Current GDT pricing levels represent a floor rather than a ceiling. SMP at US$2,615 per tonne and WMP at US$3,449 per tonne remain below long-run average levels. The supply-side contraction coming from EU herd reduction and Oceania's seasonal production decline provides a medium-term recovery pathway for exporters from all origins.
For buyers in import-dependent markets across Southeast Asia, the Middle East, and North Africa, the signal is clear: the window of deeply discounted ingredient pricing that characterised the 2025 correction is closing.

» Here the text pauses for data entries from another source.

Lemma congr_modX x y n : inOK z x -> inOK z y ->
  congr_mod P x y -> congr_mod P (x ^+ n) (y ^+ n).
Proof.
case: P_ideal => _ [_ [_ [P_mul _]]] x_OK y_OK Pxy.
rewrite /congr_mod subrXX mulrC; apply: P_mul Pxy.
apply: (big_ind (inOK z)); [exact: inOK_nat 0 | exact: inOKD | ].
by move=> i _; apply: inOKM; apply: inOKX.
Qed.

Lemma congr_mod_intr p (a b : int) : prime p -> lies_above P p ->
  (a%:~R : 'F_p) = b%:~R -> congr_mod P a%:~R b%:~R.
Proof.
case: P_ideal => _ [_ [_ [P_mul _]]] p_prime P_p /eqP.
rewrite -subr_eq0 -rmorphB -(dvdz_pcharf (pchar_Fp p_prime)) => /dvdzP[q ab_eq].
by rewrite /congr_mod -rmorphB ab_eq rmorphM; apply: P_mul (inOK_intr q) P_p.
Qed.

End IntegersOfQz.

Lemma congr_sq_diff_prod_prim_root z P p m g : prime_ideal_OK z P ->
  prime p -> lies_above P p -> (0 < m)%N ->
  (4 * m).-primitive_root (g%:R : 'F_p) ->
  congr_mod P (sq_diff_prod g%:R (2 * m))
    ((g%:R ^+ m) ^+ ((2 * m - 1) * (3 * m + 1)) * (2 * m)%:R ^+ m).
Proof.
move=> P_ideal p_prime P_p m_gt0 g_prim.
pose A := sq_diff_prod g%:Z (2 * m).
pose B := (g%:Z ^+ m) ^+ ((2 * m - 1) * (3 * m + 1)) * (2 * m)%:Z ^+ m.
have intr_AB (R : comNzRingType) : (A%:~R : R) = sq_diff_prod g%:R (2 * m) /\
    (B%:~R : R) = (g%:R ^+ m) ^+ ((2 * m - 1) * (3 * m + 1)) * (2 * m)%:R ^+ m.
  by split; [rewrite rmorph_sq_diff_prod | rewrite rmorphM !rmorphXn].
have [<- <-] := intr_AB algC; apply: (congr_mod_intr P_ideal p_prime P_p).
by have [-> ->] := intr_AB 'F_p; rewrite sq_diff_prod_prim_root.
Qed.

Theorem lemma2p2 (p g : nat) (P : algC -> Prop) :
  prime p -> (p %% 4 = 1)%N ->
  let zeta : algC := expPi 2 p.-1 in
  (1 <= g <= p.-1)%N ->
  (p.-1).-primitive_root (g%:R : 'F_p) ->
  prime_ideal_OK zeta P -> lies_above P p ->
  congr_mod P g%:R zeta ->
  congr_mod P
    (\prod_(1 <= j < (p.-1 %/ 2).+1) \prod_(1 <= i < j)
        ((g ^ (2 * j))%:R - (g ^ (2 * i))%:R))
    (expPi ((p - 3) * (3 * p + 1)) 16 * ((p.-1 %/ 2)%:R) ^+ (p.-1 %/ 4)).
Proof.
move=> p_prime p_mod4 zeta _ g_prim P_ideal P_p g_zeta.
have p_gt1 := prime_gt1 p_prime; set m := (p.-1 %/ 4)%N.
have p1_eq : p.-1 = (4 * m)%N by rewrite /m; lia.
have m_gt0 : (0 < m)%N by lia.
rewrite p1_eq in g_prim.
rewrite (_ : p.-1 %/ 2 = 2 * m)%N; last by rewrite p1_eq; lia.
set E := ((2 * m - 1) * (3 * m + 1))%N.
have zeta_m : zeta ^+ m = 'i.
  rewrite /zeta /expPi -exprM p1_eq (_ : 4 * m = 2 * (2 * m))%N; last by lia.
  by rewrite rootN1_expr_half //; lia.
have expPi_E : expPi ((p - 3) * (3 * p + 1)) 16 = 'i ^+ E.
  rewrite /expPi (_ : (p - 3) * (3 * p + 1) = 8 * E)%N; last by rewrite /E; nia.
  by rewrite exprM (_ : 16 = 2 * 8)%N // rootN1_expr_half.
have zeta_OK : inOK zeta zeta.
  by apply: inOK_unity_root (expPi_unity_root _ _); rewrite p1_eq; lia.
rewrite sq_diff_prod_natr expPi_E -zeta_m.
apply: (congr_mod_trans P_ideal (y := (g%:R ^+ m) ^+ E * (2 * m)%:R ^+ m)).
  exact: congr_sq_diff_prod_prim_root P_ideal p_prime P_p m_gt0 g_prim.
apply: (congr_modMr P_ideal); first exact: inOKX (inOK_nat _ _).
rewrite -!(exprM _ m E); apply: (congr_modX P_ideal) g_zeta => //; exact: inOK_nat.
Qed.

Procurement strategies built on spot purchasing will face tightening availability and rising costs through H2 2026.
Sources: FAO Food Price Index, April 2026 release; Rabobank Global Dairy Quarterly Q1 2026; GDT Event results, March 2026; USDA AMS Dairy Market News, February 2026.
Third consecutive GDT price recovery signals inflection point as global supply growth decelerates sharply (+0.2% vs +2.6%) → tightening fundamentals compress buyer optionality while South American import surge (+26.93% YoY) accelerates inventory drawdown → ingredient buyers face closing window on 2025's discounted pricing → Q2-Q3 contract renewals will embed 8-15% cost increases for dairy-dependent manufacturers.
- Infant Formula Manufacturers: SMP at $2,615/t represents 12-15% uplift from H2 2025 troughs; producers like Danone, Nestlé, and Reckitt who delayed forward coverage now face $40-60/t monthly cost escalation on base powder inputs, compressing margins on price-controlled infant nutrition SKUs in regulated markets.
- Bakery & Confectionery Sector: WMP recovery to $3,449/t threatens 6-9% input cost inflation for butter/milk powder-intensive products; mid-size European bakers without hedged positions face margin erosion of 150-200bps as ingredient costs outpace ability to pass through in competitive private-label segments.
- South American Dairy Importers: 26.93% YoY import surge indicates aggressive restocking ahead of anticipated tightness; Brazilian and Mexican processors locking in Q2 coverage at current levels will secure 8-12% advantage over competitors who delay until Q3 when Oceania seasonality constrains export availability.
- Losers: Buyers who bet on extended weakness—Southeast Asian recombined dairy producers, Middle Eastern UHT manufacturers, and budget ice cream makers face evaporating arbitrage as the 2025 correction window closes. EU cheese processors face double pressure: declining cheese prices lag the ingredient recovery, squeezing processing margins by 200-300bps through Q2.
- Winners: Fonterra and NZ exporters ride the recovery wave with ~445,000t SMP export capacity into strengthening demand; Lactalis and Arla with integrated supply chains capture margin on both production restraint (-0.9% EU output) and ingredient sales. South American cooperatives like Conaprole benefit from regional import demand surge while holding domestic cost advantages.